3. Broaden representation on policy-making bodies

The full complement of health sciences expertise should be present as appropriate on planning and policy-making bodies to optimize federal investment in areas of increased emphasis. This includes engineers, computer scientists, mathematicians, physicists, and chemists, along with biologists and representatives of industry.

Note: The Working Group further recognizes that if SRAs are to devote the time needed to develop and implement thoughtful approaches and flexibility to the review process, their workload must be adjusted accordingly. This will require that CSR be provided adequate financial resources. Increased staffing may also be required to enable program staff to learn about and implement more work-intensive methods of program management.

The proposed recommendations should enable the CSR peer review process to identify a broader range of promising research and strategically position NIH to capitalize fully on unprecedented scientific opportunities to improve human health.

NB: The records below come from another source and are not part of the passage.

Lemma transvected_separates : separates R P Q.
Proof.
move=> X [sX _] dXR; have [sR _] := transvection_inG GP lin_lam (lamQ Qq).
have [x [r [Xx [Rr qxr]]]] := dXR.2 q.
have Rqx : R (q - x) by rewrite qxr addrC addKr.
have R_PQ v : R v -> sp_sum Q (line p) v by move=> /transvected_sub_sum/PQ_Qp.
have R_Pq v : R v -> sp_sum P (line q) v by move=> /transvected_sub_sum/PQ_Pq.
have [nPx | nQx] : ~ P x \/ ~ Q x.
  apply: contrapT => /not_orP [/contrapT Px /contrapT Qx].
  have x0 : x = 0 by apply: dXR.1 => //; apply: transvected_cap.
  by move: Rqx; rewrite x0 subr0 /R lamQ // scale0r subr0.
- left; apply: (distant_exchange (R := R) (q := q) (z := q) (x := x)) => //.
  + by move=> v Pv; apply: sum_sub_transvected_line; apply: sp_suml.
  + by apply: sp_sumr => //; exact: line_id.
- right; apply: (distant_exchange (R := R) (q := q) (z := p) (x := x)) => //.
  + by move=> v Qv; apply: sum_sub_transvected_line; apply: sp_sumr.
  + by apply: PQ_Qp; apply: sp_sumr.
Qed.

End Transvected.

Lemma adjacent_separated P Q : inG P -> inG Q -> adjacent P Q ->
  exists R, [/\ inG R, ~ sp_eq R P, ~ sp_eq R Q & separates R P Q].
Proof.
move=> GP [sQ _] [PQ QP]; have sP := GP.1.
have [q [Qq nPq PQ_Pq]] := codim1_in_sum_witness sP sQ PQ.
have [p [Pp nQp QP_Qp]] := codim1_in_sum_witness sQ sP QP.
have PQ_Qp w : sp_sum P Q w -> sp_sum Q (line p) w by move/sp_sumC/QP_Qp.
have [lam [lin_lam lamQ lam_p]] := linear_functional sQ nQp.
have Rpq := transvected_pq Pp Qq lin_lam lamQ lam_p.
exists (fun v => P (v - lam v *: q)); split.
- exact: transvection_inG GP lin_lam (lamQ q Qq).
- move=> /(_ (p + q)) [/(_ Rpq) Ppq _].
  by apply: nPq; rewrite -(addKr p q) addrC; apply: (subspaceB sP).
- move=> /(_ (p + q)) [/(_ Rpq) Qpq _].
  by apply: nQp; rewrite -(addrK q p); apply: (subspaceB sQ).
- exact: (transvected_separates GP sQ Qq nPq PQ_Pq PQ_Qp lin_lam lamQ).
Qed.

Lemma complement_inG_extension R S : inG R -> is_subspace S ->
  (forall v, S v -> R v -> v = 0) ->
  exists X, [/\ inG X, forall v, S v -> X v & distant X R].
Proof.
move=> GR sS SR0; have [X [sX [SX dXR]]] := complement_extension GR.1 sS SR0.
by exists X; split=> //; apply: complement_inG GR sX dXR.
Qed.

Lemma complement_through R u : inG R -> ~ R u ->
  exists X, [/\ inG X, X u & distant X R].
Proof.
move=> GR nRu; have [X [GX uX dXR]] :=
  complement_inG_extension GR (line_subspace u) (line_disjoint GR.1 nRu).
by exists X; split=> //; apply/uX/line_id.
Qed.

Lemma complement_not_distant R A : inG R -> is_subspace A -> ~ sp_eq R A ->
  exists X, [/\ inG X, distant X R & ~ distant X A].
Proof.
move=> GR sA nRA.
have [[u [Au nRu]] | AR] := pselect (exists u, A u /\ ~ R u).
  have [X [GX Xu dXR]] := complement_through GR nRu.
  exists X; split=> // [[XA0 _]]; apply: nRu.
  by rewrite (XA0 u Xu Au); apply: (subspace0 GR.1).
have {}AR v : A v -> R v by move=> Av; apply: contrapT => nRv; apply: AR; exists v.
have zero_R0 v : line 0 v -> R v -> v = 0 by move=> [a ->] _; rewrite scaler0.
have [X [GX _ dXR]] := complement_inG_extension GR (line_subspace 0) zero_R0.
exists X; split=> // dXA; apply: nRA => v; split; last exact: AR.
exact: (distant_subset GR.1 AR dXR dXA).
Qed.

Deliberately small in number, the membership of the Working Group consists of scientists and engineers with broad perspective and vision. They have experience in diverse fields, including biomaterials, tissue engineering, medical devices, imaging, medical informatics, physiology, chemistry, physics, biochemistry, molecular biology and genetics, and genomics. Their research programs range from basic through applied studies.

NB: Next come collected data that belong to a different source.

(* dim(P) = dim(V_P) <= n : every linearly independent family in V_P has
   at most n elements *)
Definition process_dim_atmost (P : probability Omega R) (n : nat) : Prop :=
  forall (m : nat) (f : 'I_m -> set Fut -> R),
    (forall i, in_VP P (f i)) -> lin_indep f -> (m <= n)%N.

End Process.

Set Warnings "-notation-overridden,-ambiguous-paths,-redundant-canonical-projection".
From HB Require Import structures.
From mathcomp Require Import all_boot all_order all_algebra.
From mathcomp Require Import all_classical all_reals all_analysis.
From mathcomp Require Import measurable_realfun.
Import Order.TTheory GRing.Theory Num.Theory.
Local Open Scope classical_set_scope.
Local Open Scope ring_scope.

(* Let kappa take its values among the n causal states mu_1, ..., mu_n, and let
   C_j be the set of pasts whose causal state is mu_j.  The C_j form a partition
   of the sample space into past-measurable events, so for every
   past-measurable A the defining identity of kappa reads
     P(A /\ {X_N in B}) = sum_j P(A /\ C_j) mu_j(B).
   Let A_s be the event that the last |s| symbols of the past spell the word s.
   By shift invariance tau_s(P_N)(B) = P(A_s /\ {X_N in B}), hence every
   tau_s(P_N), and so all of V_P, lies in the span of mu_1, ..., mu_n. *)

Lemma lin_indep_in_span_leq (K : fieldType) (T : Type) (M : T -> Prop)
    (n m : nat) (g : 'I_n -> T -> K) (f : 'I_m -> T -> K) :
  (forall k, exists a : 'I_n -> K,
     forall B, M B -> f k B = \sum_(i < n) a i * g i B) ->
  (forall c : 'I_m -> K,
     (forall B, M B -> \sum_(k < m) c k * f k B = 0) -> forall k, c k = 0) ->
  (m <= n)%N.
Proof.
move=> f_span f_indep; have [a ha] := choice f_span.
rewrite leqNgt; apply/negP => ltnm.
set A : 'M[K]_(m, n) := \matrix_(k, i) a k i.
have : kermx A != 0.
  rewrite kermx_eq0; apply/negP => /eqP rkA.
  by move: (rank_leq_col A); rewrite rkA leqNgt ltnm.
case/matrix0Pn => i [k0 ker_nz].
pose c : 'I_m -> K := kermx A i.
have c_ker l : \sum_(k < m) c k * a k l = 0.
  have := congr1 (fun X : 'M[K]_(m, n) => X i l) (mulmx_ker A).
  rewrite !mxE => ker0; rewrite -[RHS]ker0; apply: eq_bigr => k _.
  by rewrite [A _ _]mxE.
have c_rel B : M B -> \sum_(k < m) c k * f k B = 0.
  move=> MB; under eq_bigr => k _ do rewrite (ha k B MB) big_distrr.
  rewrite exchange_big big1 //= => l _.
  under eq_bigr => k _ do rewrite mulrA.
  by rewrite -big_distrl /= c_ker mul0r.
by move: ker_nz; rewrite -[kermx A i k0]/(c k0) (f_indep _ c_rel k0) eqxx.
Qed.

The Working Group has depended heavily on input from the community to identify issues and shape recommendations to improve the system. Thus, they met at the outset with representatives of BECON to gain the perspective of program staff, and with SRAs in CSR to hear their insights. Based on the information provided by these two groups and their own experience as applicants and peer reviewers, they developed preliminary recommendations. The opportunity to comment on these preliminary recommendations was then offered to broad segments of the research community. The American Institute of Medical and Biological Engineers (AIMBE) solicited input from their Councils and segments of its 32,000 members. The opportunity to comment was also offered to industrial organizations, the small business community, and groups of genomicists and biocomputational researchers. Drawing comments from 270 respondents, the Working Group identified a list of 6 impediments and made 6 broad sets of recommendations to overcome these problems. These were outlined in a draft report circulated to approximately 50 academic and industrial opinion leaders, 25 of whom responded.

This final report reflects input from many in the broad scientific community. The Working Group members wish to acknowledge these important contributions.